Last November, Shires teamed with Isbell to release “The Problem,” which is “about making tough decisions and not having to go it alone.” The just-released “Our Problem,” written prior to “The Problem,” serves as a bigger conversation — a group of women supportively discussing another woman’s abortion, offering them all a “better sense of community.” For the song, recorded remotely, she joined forces with Cyndi Lauper, Peaches, Angie Stone, Lilly Hiatt, Linda Perry, K. Flay, Morgane Stapleton, Nona Hendryx and Valerie June, along with Sheryl Crow on bass and Isbell on guitar.
The topic is especially salient now: Jan. 22 marks the 48th anniversary of the landmark Roe v. Wade Supreme Court decision that gave women in the United States the fundamental right to choose whether or not to have abortions.
“This song started with the idea of me having this conversation with my friend, and her being super supportive during my experience of having an abortion myself,” Shires says. “The idea started with that because she didn’t really believe the same things I believed, but was still found a way to help and be a good friend.”
Despite the broadly right-leaning views of the country community (just ask the Chicks how unforgiving that can be), Shires is not afraid to express progressive views in her music.

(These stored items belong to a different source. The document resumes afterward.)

(* For each $D=DC_i^{\pm}(n,q)$ with $N=|D|$ and a fixed ordering $g_1,\dots,g_N$ of $D$, the $\mathbb F_3$-linear map $\mathbb F_q\to\mathbb F_3^N$, $a\mapsto c(a)=(\mathrm{tr}(a\,\mathrm{Tr}\,g_1),\dots,\mathrm{tr}(a\,\mathrm{Tr}\,g_N))$, is injective (hence an $\mathbb F_3$-linear isomorphism of $\mathbb F_q$ onto $C(D)^\perp=\{c(a):a\in\mathbb F_q\}$) in each of the following cases, for all $q$: (1) $i=1,2,3$, sign $+$, $n\ge2$ even; (2) $i=4$, sign $+$, $n\ge4$ even; (3) $i=1$, sign $-$, $n\ge1$ odd; (4) $i=2,3,4$, sign $-$, $n\ge3$ odd.
   Context: $q=3^s$, $\mathrm{tr}:\mathbb F_q\to\mathbb F_3$ the absolute trace, $\mathrm{Tr}$ the matrix trace. Fix a nonsquare $\epsilon\in\mathbb F_q^*$, $\delta_\epsilon=\mathrm{diag}(1,-\epsilon)$, $J=\begin{bmatrix}0&1_{n-1}&0\\1_{n-1}&0&0\\0&0&\delta_\epsilon\end{bmatrix}$, $O^-(2n,q)=\{w\in GL(2n,q):{}^twJw=J\}$, $SO^-$ its determinant-one subgroup. $Q=Q(2n,q)$: products $\begin{bmatrix}A&0&0\\0&{}^tA^{-1}&0\\0&0&i\end{bmatrix}\begin{bmatrix}1_{n-1}&B&-{}^th\delta_\epsilon\\0&1_{n-1}&0\\0&h&1_2\end{bmatrix}$, $A\in GL(n-1,q)$, $i\in SO^-(2,q)$, ${}^tB+B+{}^th\delta_\epsilon h=0$. $\rho=\mathrm{diag}(1_{n-1},1_{n-1},1,-1)$, $\sigma_r=\begin{bmatrix}0&0&1_r&0&0\\0&1_{n-1-r}&0&0&0\\1_r&0&0&0&0\\0&0&0&1_{n-1-r}&0\\0&0&0&0&1_2\end{bmatrix}$. $DC_1^{\pm}=Q\sigma_{n-1}Q$, $DC_2^{\pm}=Q\sigma_{n-2}Q$, $DC_3^{\pm}=\rho Q\sigma_{n-2}Q$, $DC_4^{\pm}=\rho Q\sigma_{n-3}Q$, with sign $+$ for $n$ even and $-$ for $n$ odd; $Q\sigma Q=\{x\sigma y\}$, $\rho Q\sigma Q=\{\rho x\sigma y\}$, $x,y\in Q$. The ternary code is $C(D)=\{u\in\mathbb F_3^N:\sum_j u_j\,\mathrm{Tr}(g_j)=0\text{ in }\mathbb F_q\}$ and $C(D)^\perp$ its dual in $\mathbb F_3^N$ under the standard inner product. *)

From HB Require Import structures.
From mathcomp Require Import all_boot all_order all_algebra all_field.
Unset Printing Implicit Defensive.
Import GRing.Theory.
Local Open Scope ring_scope.

Section OrthCode.
Variable F : finFieldType.

(* absolute trace F_q -> F_3 (values in the prime subfield of F), q = 3^s *)
Definition abstr (x : F) : F := \sum_(k < logn 3 #|F|) x ^+ (3 ^ k).

(* matrices of size 2n = (n-1) + (n-1) + 2 *)
Notation mdim n := (n.-1 + n.-1 + 2)%N.

Definition blk3 m (X11 : 'M[F]_(m, m)) (X12 : 'M[F]_(m, m)) (X13 : 'M[F]_(m, 2))
  (X21 : 'M[F]_(m, m)) (X22 : 'M[F]_(m, m)) (X23 : 'M[F]_(m, 2))
  (X31 : 'M[F]_(2, m)) (X32 : 'M[F]_(2, m)) (X33 : 'M[F]_2) : 'M[F]_(m + m + 2) :=
  block_mx (block_mx X11 X12 X21 X22) (col_mx X13 X23) (row_mx X31 X32) X33.

Definition delta (eps : F) : 'M[F]_2 :=
  \matrix_(i < 2, j < 2) (if i == j then (if val i == 0%N then 1 else - eps) else 0).

Definition Jmat (eps : F) n : 'M[F]_(mdim n) :=
  blk3 n.-1 0 1%:M 0 1%:M 0 0 0 0 (delta eps).

Definition Ominus (eps : F) n (w : 'M[F]_(mdim n)) : bool :=
  (w \in unitmx) && (w^T *m Jmat eps n *m w == Jmat eps n).
Definition SOminus (eps : F) n (w : 'M[F]_(mdim n)) : bool :=
  Ominus eps n w && (\det w == 1).

Definition SO2minus (eps : F) (i : 'M[F]_2) : bool :=
  (i \in unitmx) && (i^T *m delta eps *m i == delta eps) && (\det i == 1).

(* the parabolic subgroup Q(2n,q) *)
Definition Qset (eps : F) n : {set 'M[F]_(mdim n)} :=
  [set x | [exists A : 'M[F]_(n.-1), [exists B : 'M[F]_(n.-1),
     [exists h : 'M[F]_(2, n.-1), [exists i : 'M[F]_2,
       [&& A \in unitmx, SO2minus eps i,
           B^T + B + h^T *m delta eps *m h == 0 &
           x == blk3 n.-1 A 0 0 0 (invmx A)^T 0 0 0 i
                *m blk3 n.-1 1%:M B (- (h^T *m delta eps)) 0 1%:M 0 0 h 1%:M]]]]]].

Definition rho n : 'M[F]_(mdim n) :=
  \matrix_(i, j) (if i == j then (if val i == (n.-1 + n.-1 + 1)%N then -1 else 1)
                  else 0).

Definition swapidx (m r k : nat) : nat :=
  if (k < r)%N then (k + m)%N
  else if (m <= k)%N && (k < m + r)%N then (k - m)%N else k.

Definition sigma n (r : nat) : 'M[F]_(mdim n) :=
  \matrix_(i, j) ((val i == swapidx n.-1 r (val j)) %:R).

Definition QsQ eps n (s : 'M[F]_(mdim n)) : {set 'M[F]_(mdim n)} :=
  [set g | [exists x, [exists y,
     [&& x \in Qset eps n, y \in Qset eps n & g == x *m s *m y]]]].
Definition rQsQ eps n (s : 'M[F]_(mdim n)) : {set 'M[F]_(mdim n)} :=
  [set g | [exists x, [exists y,
     [&& x \in Qset eps n, y \in Qset eps n & g == rho n *m x *m s *m y]]]].

(* DC_i^{\pm}(n,q), i = 1..4 (sign determined by parity of n) *)
Definition DC eps n (i : nat) : {set 'M[F]_(mdim n)} :=
  match i with
  | 1 => QsQ eps n (sigma n n.-1)
  | 2 => QsQ eps n (sigma n (n.-1).-1)
  | 3 => rQsQ eps n (sigma n (n.-1).-1)
  | _ => rQsQ eps n (sigma n ((n.-1).-1).-1)
  end.

Definition codeword eps n i (a : F) : seq F :=
  [seq abstr (a * \tr g) | g <- enum (DC eps n i)].

End OrthCode.

Arguments abstr {F}.
Arguments blk3 {F m}.
Arguments delta {F}.
Arguments Jmat {F}.
Arguments Ominus {F}.
Arguments SOminus {F}.
Arguments SO2minus {F}.
Arguments Qset {F}.
Arguments rho {F}.
Arguments swapidx : clear implicits.
Arguments sigma {F}.
Arguments QsQ {F}.
Arguments rQsQ {F}.
Arguments DC {F}.
Arguments codeword {F}.

From HB Require Import structures.
From mathcomp Require Import all_boot all_order all_algebra all_field.
From mathcomp Require Import abelian pgroup zify.
Import GRing.Theory.
Local Open Scope ring_scope.

(* Let q = #|F| = 3^s and c = a - b for two field elements with c(a) = c(b).
   Since the absolute trace tr is additive, tr(c Tr g) = 0 for every g in D,
   and we must show c = 0.  For c <> 0 the map x |-> tr(c x) is the evaluation
   of a nonzero polynomial of degree 3^(s-1) = q/3, so each of its level sets
   has at most q/3 elements.  Hence tr(c (K + f t)) cannot vanish for all t in
   a set A as soon as the image f(A) has more than q/3 elements.
   The proof exhibits in each double coset D a one-parameter family of
   elements whose traces are K + f t with such an f: K + t^2 (unipotent
   elements of Q, when sigma_r moves the first block), K + 2a(t) where
   (a(t), b(t)) parametrizes the norm-one conic a^2 - eps b^2 = 1 (torus of
   SO^-(2,q), when sigma_0 is the identity), or (n-1)(t + 1/t) (diagonal
   elements of Q, in the remaining small cases rho Q sigma_0 Q). *)

Lemma card_le_double_image (T U : finType) (f : T -> U) (g : T -> T) (A : {set T}) :
  {in A &, forall x y, f x = f y -> y = x \/ y = g x} -> (#|A| <= 2 * #|f @: A|)%N.
Proof.
move=> fib2; rewrite -sum1_card (partition_big_imset f) /= mulnC -sum_nat_const.
apply: leq_sum => _ /imsetP [x xA ->]; rewrite sum1_card.
apply: (@leq_trans #|[set x; g x]|); last by rewrite cards2; case: (_ != _).
apply: subset_leq_card; apply/subsetP => y; rewrite inE => /andP [yA /eqP fyx].
by rewrite !inE; case: (fib2 x y xA yA (esym fyx)) => ->; rewrite eqxx ?orbT.
Qed.

Section TraceForm.
Context {F : finFieldType}.
Hypothesis pchar3 : (3%N \in [pchar F])%R.
Local Notation s := (logn 3 #|F|).
Local Notation p := (3 ^ s.-1)%N.

(* The additive group of F is an elementary abelian 3-group, so q = 3^s. *)
Lemma card_field : #|F| = (3 ^ s)%N.
Proof.
have /abelem_pgroup F3 := fin_ring_pchar_abelem pchar3.
by have := @card_pgroup _ 3 (fingroup.setT_group _) F3; rewrite cardsT.
Qed.

Lemma logn_card_gt0 : (0 < s)%N.
Proof.
by rewrite lt0n; apply/eqP => s0; move: (finNzRing_gt1 F); rewrite card_field s0.
Qed.

Lemma card_field3 : #|F| = (3 * p)%N.
Proof. by rewrite -expnS prednK ?logn_card_gt0 // -card_field. Qed.

Lemma three0 : (3%:R : F) = 0.
Proof. exact: pcharf0 pchar3. Qed.

Lemma two_neq0 : (2%:R : F) != 0.
Proof.
apply/eqP => two0; have := three0; rewrite -addn1 natrD two0 add0r.
by move/eqP; rewrite oner_eq0.
Qed.

Lemma abstrD (x y : F) : abstr (x + y) = abstr x + abstr y.
Proof.
rewrite /abstr -big_split /=; apply: eq_bigr => k _.
by apply: exprDn_pchar; rewrite pnatX pnatE // pchar3.
Qed.

Lemma abstrN (x : F) : abstr (- x) = - abstr x.
Proof.
apply/eqP; rewrite -subr_eq0 opprK -abstrD addNr /abstr.
by rewrite big1 // => k _; rewrite expr0n expn_eq0.
Qed.

Definition trace_poly (c : F) : {poly F} :=
  \sum_(k < s) (c ^+ (3 ^ k)) *: 'X^(3 ^ k).

Lemma trace_polyE c x : (trace_poly c).[x] = abstr (c * x).
Proof.
rewrite /trace_poly horner_sum /abstr; apply: eq_bigr => k _.
by rewrite hornerZ hornerXn exprMn.
Qed.

Lemma size_trace_poly c : c != 0 -> size (trace_poly c) = p.+1.
Proof.
move=> c0; have s_gt0 := logn_card_gt0.
rewrite /trace_poly -(prednK s_gt0) big_ord_recr /=.
rewrite addrC size_polyDl size_scale ?expf_neq0 // size_polyXn //.
rewrite ltnS (leq_trans (size_sum _ _ _)) //; apply/bigmax_leqP => k _.
by rewrite (leq_trans (size_scale_leq _ _)) // size_polyXn ltn_exp2l.
Qed.

Lemma abstr_level_card (c K : F) (S : {set F}) : c != 0 ->
  {in S, forall x, abstr (c * x) = K} -> (#|S| <= p)%N.
Proof.
move=> c0 levS; pose P := trace_poly c - K%:P.
have szP : size P = p.+1.
  rewrite /P size_polyDl size_trace_poly // size_polyN ltnS.
  by rewrite (leq_trans (size_polyC_leq1 _)) // expn_gt0.
have P0 : P != 0 by rewrite -size_poly_eq0 szP.
rewrite -ltnS -szP cardE; apply: max_poly_roots P0 _ (enum_uniq _).
apply/allP => x; rewrite mem_enum => xS.
by rewrite /root /P hornerD hornerN hornerC trace_polyE levS // subrr.
Qed.

Lemma abstr_detects_image (c K : F) {f : F -> F} {A : {set F}} : c != 0 ->
  (p < #|f @: A|)%N -> exists2 t, t \in A & abstr (c * (K + f t)) != 0.
Proof.
move=> c0 big.
have [t /andP [tA nz] | all0] := pickP [pred t | (t \in A) && (abstr (c * (K + f t)) != 0)].
  by exists t.
suff : (#|f @: A| <= p)%N by rewrite leqNgt big.
apply: (@abstr_level_card c (- abstr (c * K))) => // _ /imsetP [t tA ->].
have /negbFE/eqP tr0 : (abstr (c * (K + f t)) != 0) = false by have := all0 t; rewrite /= tA.
by apply/eqP; rewrite -subr_eq0 opprK addrC -abstrD -mulrDr tr0.
Qed.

“It’s hard to find any political allies sometimes when you’re a woman because it is hard to make decisions to talk about topics that are divisive,” she says. “And to make those choices, when you know that the risk is to your own working career. I was telling my husband that the time was now to put the song out and wanting to help the folks in the greater South, where I live. We started talking about the problem in our personal experiences with making that [abortion] choice. We decided to write it into the conversation and a different setting to maintain the vulnerability and the fact that we should all be allowed to make choices with our own bodies. And it’s silly that we even have to say that.”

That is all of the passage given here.